WALTHAM, Mass. / Jul 25, 2024 / Business Wire / Viridian Therapeutics, Inc. (NASDAQ: VRDN), a biotechnology company focused on discovering and developing potential best-in-class medicines for serious and rare diseases, today announced that enrollment is complete in THRIVE-2, its phase 3 clinical trial for VRDN-001 in patients with chronic TED.
THRIVE-2 enrolled 188 patients globally and exceeded the enrollment target of 159 patients due to patient demand. Approximately 40% of the enrolled patients were from US sites. Topline data from THRIVE-2 is on track for readout by year-end 2024. Previously, Viridian announced that THRIVE, its phase 3 clinical trial for VRDN-001 in patients with active TED, completed and exceeded enrollment in March 2024 with approximately 50% of patients enrolled from US sites. Topline data for THRIVE is on track for readout in September 2024.

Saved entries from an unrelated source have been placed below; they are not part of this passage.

Lemma row_sum_delta (i : 'I_I) (j : 'I_J) (k : 'I_I) :
  \sum_l (delta_mx i j : 'M[R]_(I, J)) k l = (k == i)%:R.
Proof.
rewrite (eq_bigr (fun l => (k == i)%:R * (l == j)%:R)) ?sum_mul_indicator //.
by move=> l _; rewrite mxE; case: (k == i); case: (l == j); rewrite /= ?mulr1 ?mulr0.
Qed.

Lemma col_sum_delta (i : 'I_I) (j : 'I_J) (l : 'I_J) :
  \sum_k (delta_mx i j : 'M[R]_(I, J)) k l = (l == j)%:R.
Proof.
rewrite (eq_bigr (fun k => (l == j)%:R * (k == i)%:R)) ?sum_mul_indicator //.
by move=> k _; rewrite mxE; case: (k == i); case: (l == j); rewrite /= ?mulr1 ?mulr0.
Qed.

Definition outflow (psi : 'M[R]_(I, J)) (x : 'I_I + 'I_J) : R :=
  match x with inl i => \sum_j psi i j | inr j => - \sum_i psi i j end.

Lemma outflowD (phi psi : 'M[R]_(I, J)) x :
  outflow (phi + psi) x = outflow phi x + outflow psi x.
Proof.
case: x => x /=; rewrite -?opprD -big_split /=.
  by apply: eq_bigr => j _; rewrite mxE.
by congr (- _); apply: eq_bigr => i _; rewrite mxE.
Qed.

Lemma edge_unit_flow x y : badj E x y ->
  exists phi : 'M[R]_(I, J), inRG E phi /\
    forall z, outflow phi z = (z == x)%:R - (z == y)%:R.
Proof.
case: x => [i|j]; case: y => [i'|j'] //= xyE.
- exists (delta_mx i j'); split; first exact: delta_inRG.
  by case=> z /=; rewrite ?row_sum_delta ?col_sum_delta ?subr0 ?sub0r.
- exists (- delta_mx i' j); split.
    by move=> a b abE; rewrite mxE (delta_inRG xyE) ?oppr0.
  case=> z /=.
    rewrite (eq_bigr (fun l => - (delta_mx i' j : 'M[R]_(I, J)) z l)); last first.
      by move=> l _; rewrite mxE.
    by rewrite sumrN row_sum_delta sub0r.
  rewrite (eq_bigr (fun k => - (delta_mx i' j : 'M[R]_(I, J)) k z)); last first.
    by move=> k _; rewrite mxE.
  by rewrite sumrN opprK col_sum_delta subr0.
Qed.

Hypothesis connE : forall u v, connect (badj E) u v.

Lemma connected_propagate (P : 'I_I + 'I_J -> Prop) (jh : 'I_J) :
  (forall i j, (i, j) \in E -> (P (inl i) <-> P (inr j))) ->
  P (inr jh) -> forall v, P v.
Proof.
move=> Pedge Pjh v; have /connectP [s path_s ->] := connE (inr jh) v.
elim: s (inr jh) Pjh path_s => [|y s IH] x //= Px /andP [xy path_s].
apply: IH path_s; move: xy; case: x Px => [i|j]; case: y => [i'|j'] //= Px xyE.
- exact/(Pedge _ _ xyE).
- exact/(Pedge _ _ xyE).
Qed.

Lemma unit_flow u v : exists psi : 'M[R]_(I, J), inRG E psi /\
  forall x, outflow psi x = (x == u)%:R - (x == v)%:R.
Proof.
have /connectP [s path_s ->] := connE u v.
elim: s u path_s => [|y s IH] x /=.
  move=> _; exists 0; split=> [i j _|z]; first by rewrite mxE.
  by rewrite subrr; case: z => z /=; rewrite big1 ?oppr0 // => *; rewrite mxE.
move=> /andP [xy /IH [psi [psiE psi_out]]].
have [phi [phiE phi_out]] := edge_unit_flow xy.
exists (phi + psi); split.
  by move=> a b abE; rewrite mxE phiE // psiE // addr0.
by move=> z; rewrite outflowD phi_out psi_out addrA subrK.
Qed.
(* Let $T\colon(B_1,S_1)\to(B_2,S_2)$ be a morphism of $\mathsf{SubS5^S}$. Then $T$ is a morphism of $\mathsf{SubS5^F}$ (i.e.\ $T^\dagger\circ T\subseteq S_1$ and $S_2\subseteq T\circ T^\dagger$) if and only if both of the following hold: (1) for all $a\in B_1$, $a\mathrel{T}0$ implies $a=0$; (2) for all $b_1,b_2\in B_2$ with $b_1\mathrel{S_2}b_2$ there is $a\in B_1$ with $\neg a\mathrel{T}\neg b_1$ and $a\mathrel{T}b_2$.
   Context: A subordination $S\colon A\to B$ between boolean algebras is a relation with (S1) $0\mathrel{S}0$, $1\mathrel{S}1$; (S2) $a,b\mathrel{S}c\Rightarrow(a\vee b)\mathrel{S}c$; (S3) $a\mathrel{S}c,d\Rightarrow a\mathrel{S}(c\wedge d)$; (S4) $a\le b\mathrel{S}c\le d\Rightarrow a\mathrel{S}d$. An $\mathsf{S5}$-subordination on $B$ additionally satisfies (S5) $a\mathrel{S}b\Rightarrow a\le b$; (S6) $a\mathrel{S}b\Rightarrow\neg b\mathrel{S}\neg a$; (S7) $a\mathrel{S}b\Rightarrow\exists c\,(a\mathrel{S}c\mathrel{S}b)$. $\mathsf{SubS5^S}$: objects $(B,S)$ with $S$ an $\mathsf{S5}$-subordination; morphisms $(B,S)\to(B',S')$ subordinations $T$ with $T\circ S=T=S'\circ T$; identity $S$; relational composition ($a\mathrel{(T_2\circ T_1)}c$ iff $\exists b$, $a\mathrel{T_1}b\mathrel{T_2}c$). For $T\colon B_1\to B_2$, $T^\dagger\colon B_2\to B_1$ is given by $b\mathrel{T^\dagger}a\iff\neg a\mathrel{T}\neg b$. $\mathsf{SubS5^F}$ is the wide subcategory of $\mathsf{SubS5^S}$ whose morphisms $T\colon(B_1,S_1)\to(B_2,S_2)$ satisfy $T^\dagger\circ T\subseteq S_1$ and $S_2\subseteq T\circ T^\dagger$. *)

(* boolean algebras are complemented distributive lattices
   with top and bottom, i.e. ctbDistrLatticeType (order.v). *)
From HB Require Import structures.
From mathcomp Require Import all_boot all_order.
Set Implicit Arguments. Unset Strict Implicit. Unset Printing Implicit Defensive.
Import Order.Theory.
Local Open Scope order_scope.

Definition brel (A B : Type) := A -> B -> Prop.

Definition rel_sub (A B : Type) (R R' : brel A B) : Prop :=
  forall a b, R a b -> R' a b.

Definition rel_eq (A B : Type) (R R' : brel A B) : Prop :=
  forall a b, R a b <-> R' a b.

Definition rcomp (A B C : Type) (T2 : brel B C) (T1 : brel A B) : brel A C :=
  fun a c => exists b, T1 a b /\ T2 b c.

Definition dagger (d1 d2 : Order.disp_t)
  (B1 : ctbDistrLatticeType d1) (B2 : ctbDistrLatticeType d2)
  (T : brel B1 B2) : brel B2 B1 :=
  fun b a => T (~` a) (~` b).

Definition subordination (d1 d2 : Order.disp_t)
  (B1 : ctbDistrLatticeType d1) (B2 : ctbDistrLatticeType d2)
  (S : brel B1 B2) : Prop :=
  [/\ S \bot \bot /\ S \top \top,
      (forall (a b : B1) (c : B2), S a c -> S b c -> S (a `|` b) c),
      (forall (a : B1) (c d : B2), S a c -> S a d -> S a (c `&` d)) &
      (forall (a b : B1) (c d : B2), a <= b -> S b c -> c <= d -> S a d)].

Definition S5_subordination (d : Order.disp_t) (B : ctbDistrLatticeType d)
  (S : brel B B) : Prop :=
  [/\ subordination S,
      (forall a b : B, S a b -> a <= b),
      (forall a b : B, S a b -> S (~` b) (~` a)) &
      (forall a b : B, S a b -> exists c, S a c /\ S c b)].

Definition SubS5S_morphism (d1 d2 : Order.disp_t)
  (B1 : ctbDistrLatticeType d1) (B2 : ctbDistrLatticeType d2)
  (S1 : brel B1 B1) (S2 : brel B2 B2) (T : brel B1 B2) : Prop :=
  [/\ subordination T, rel_eq (rcomp T S1) T & rel_eq (rcomp S2 T) T].

Definition SubS5F_morphism (d1 d2 : Order.disp_t)
  (B1 : ctbDistrLatticeType d1) (B2 : ctbDistrLatticeType d2)
  (S1 : brel B1 B1) (S2 : brel B2 B2) (T : brel B1 B2) : Prop :=
  [/\ SubS5S_morphism S1 S2 T,
      rel_sub (rcomp (dagger T) T) S1 &
      rel_sub S2 (rcomp T (dagger T))].

From HB Require Import structures.
From mathcomp Require Import all_boot all_order.
Import Order.Theory.

Set Implicit Arguments.
Unset Strict Implicit.
Local Open Scope order_scope.

(* Condition (2) is literally S2 ⊆ T ∘ T†, so only T† ∘ T ⊆ S1 needs work.
   If a T b and ¬c T ¬b, factor both through S1 (T = T ∘ S1): a S1 e T b and
   ¬c S1 f T ¬b.  Then e ∧ f T (b ∧ ¬b) = 0, so e ∧ f = 0 by (1), i.e.
   e ≤ ¬f; hence a S1 ¬f S1 c.  Conversely a T 0 gives a (T† ∘ T) 0 through
   0 T† 0, i.e. 1 T 1, and a S1 0 forces a = 0. *)

Section S5Subordination.

Variables (d : Order.disp_t) (B : ctbDistrLatticeType d) (S : brel B B).
Hypothesis S5S : S5_subordination S.

Lemma S5_subordination_le (a b : B) : S a b -> a <= b.
Proof. by case: S5S => _ + _ _; apply. Qed.

Lemma S5_subordination_bot (a : B) : S a \bot -> a = \bot.
Proof. by move/S5_subordination_le; rewrite lex0 => /eqP. Qed.

Lemma S5_subordination_trans (a b c : B) : S a b -> S b c -> S a c.
Proof.
move=> Sab Sbc; case: S5S => -[_ _ _ S_mono] _ _ _.
exact: S_mono _ _ _ _ (lexx a) Sab (S5_subordination_le Sbc).
Qed.

Lemma S5_subordination_complL (a b : B) : S (~` a) b -> S (~` b) a.
Proof. by case: S5S => _ _ S_compl _ /S_compl; rewrite complK. Qed.

End S5Subordination.

Lemma subordination_meet_compl (d1 d2 : Order.disp_t)
    (B1 : ctbDistrLatticeType d1) (B2 : ctbDistrLatticeType d2)
    (T : brel B1 B2) (e f : B1) (b : B2) :
  subordination T -> T e b -> T f (~` b) -> T (e `&` f) \bot.
Proof.
case=> _ _ T_meet T_mono Teb Tfb; rewrite -(meetxC b).
by apply: T_meet; [exact: T_mono _ _ _ _ (leIl e f) Teb (lexx _)
                  |exact: T_mono _ _ _ _ (leIr f e) Tfb (lexx _)].
Qed.

Section DaggerComposite.

Variables (d1 d2 : Order.disp_t)
  (B1 : ctbDistrLatticeType d1) (B2 : ctbDistrLatticeType d2)
  (S1 : brel B1 B1) (T : brel B1 B2).
Hypothesis S5S1 : S5_subordination S1.

Lemma dagger_comp_sub (Tsub : subordination T) :
    rel_sub T (rcomp T S1) -> (forall a, T a \bot -> a = \bot) ->
  rel_sub (rcomp (dagger T) T) S1.
Proof.
move=> T_factor T_bot a c [b [Tab Tcb]].
have [e [S1ae Teb]] := T_factor _ _ Tab.
have [f [S1cf Tfb]] := T_factor _ _ Tcb.
have ef_bot : e `&` f = \bot.
  by apply/T_bot/(subordination_meet_compl Tsub Teb Tfb).
have S1af : S1 a (~` f).
  case: S5S1 => -[_ _ _ S1_mono] _ _ _.
  by apply: S1_mono _ _ _ _ (lexx a) S1ae _; rewrite -disj_leC ef_bot.
exact: S5_subordination_trans S1af (S5_subordination_complL S5S1 S1cf).
Qed.

Lemma bot_of_dagger_comp_sub : T \top \top ->
    rel_sub (rcomp (dagger T) T) S1 -> forall a, T a \bot -> a = \bot.
Proof.
move=> T11 sub a Ta0; apply: (S5_subordination_bot S5S1).
by apply: sub; exists \bot; split; rewrite // /dagger !compl0.
Qed.

End DaggerComposite.

Theorem lemma6p5 (d1 d2 : Order.disp_t)
  (B1 : ctbDistrLatticeType d1) (B2 : ctbDistrLatticeType d2)
  (S1 : brel B1 B1) (S2 : brel B2 B2) (T : brel B1 B2) :
  S5_subordination S1 -> S5_subordination S2 ->
  SubS5S_morphism S1 S2 T ->
  (SubS5F_morphism S1 S2 T <->
   ((forall a : B1, T a \bot -> a = \bot) /\
    (forall b1 b2 : B2, S2 b1 b2 ->
       exists a : B1, T (~` a) (~` b1) /\ T a b2))).
Proof.
move=> S5S1 _ HT; have [Tsub T_S1 _] := HT.
have T11 : T \top \top by case: Tsub => -[].
split.
- case=> _ dag_sub S2_sub; split; first exact: bot_of_dagger_comp_sub dag_sub.
  by move=> b1 b2 /S2_sub.
- case=> T_bot S2_sub; split => //.
  have T_factor : rel_sub T (rcomp T S1) by move=> a b /T_S1.
  exact: dagger_comp_sub Tsub T_factor T_bot.
Qed.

“We are very pleased with our overall clinical trial enrollment for the VRDN-001 trials,” said Steve Mahoney, Viridian’s President and Chief Executive Officer. “THRIVE and THRIVE-2 have now each exceeded their enrollment targets and enrolled substantial patient numbers in the US due to patient demand. We look forward to our topline data readout for THRIVE in September and for THRIVE-2 at the end of this year. We are also on track to initiate two subcutaneous VRDN-003 phase 3 clinical trials, REVEAL-1 and REVEAL-2, in August as planned.”
About VRDN-001
Viridian’s lead product candidate, VRDN-001, is an intravenously (IV) delivered monoclonal antibody that acts as a full antagonist of the insulin-like growth factor-1 receptor (IGF-1R). IGF-1R is a clinically and commercially validated target for thyroid eye disease (TED) that had US revenues of approximately $1.8 billion in 2023. VRDN-001 has the potential to improve patient experience with a differentiated dosing regimen that features a shorter infusion time and fewer infusions compared to the currently approved and marketed IGF-1R inhibitor.
Viridian is evaluating VRDN-001 in two global phase 3 clinical trials, THRIVE and THRIVE-2, for the treatment of active and chronic TED, respectively. THRIVE and THRIVE-2 are each designed to compare a five-dose treatment arm of VRDN-001 to placebo, each dosed three weeks apart. In phase 2 clinical trials in active and chronic TED, VRDN-001 was shown to improve the signs and symptoms of TED at six weeks after two infusions in all dose cohorts and was generally well-tolerated.
Viridian believes that the differentiated VRDN-001 has the potential to establish a strong foothold in the multi-billion-dollar TED commercial market, if approved, and will help facilitate the introduction of VRDN-003, its potential best-in-class subcutaneous IGF-1R antibody for TED.
About Viridian Therapeutics
Viridian is a biopharmaceutical company focused on engineering and developing potential best-in-class medicines for patients with serious and rare diseases. Viridian’s expertise in antibody discovery and protein engineering enables the development of differentiated therapeutic candidates for previously validated drug targets in commercially established disease areas.
Viridian is advancing multiple candidates in the clinic for the treatment of patients with thyroid eye disease (TED). The company is conducting a pivotal program for VRDN-001, including two global phase 3 clinical trials (THRIVE and THRIVE-2), to evaluate its efficacy and safety in patients with active and chronic TED. Viridian is also advancing VRDN-003 as a potential best-in-class subcutaneous therapy for the treatment of TED, including two planned global phase 3 clinical trials, REVEAL-1 and REVEAL-2, to evaluate the efficacy and safety of VRDN-003 in patients with active and chronic TED.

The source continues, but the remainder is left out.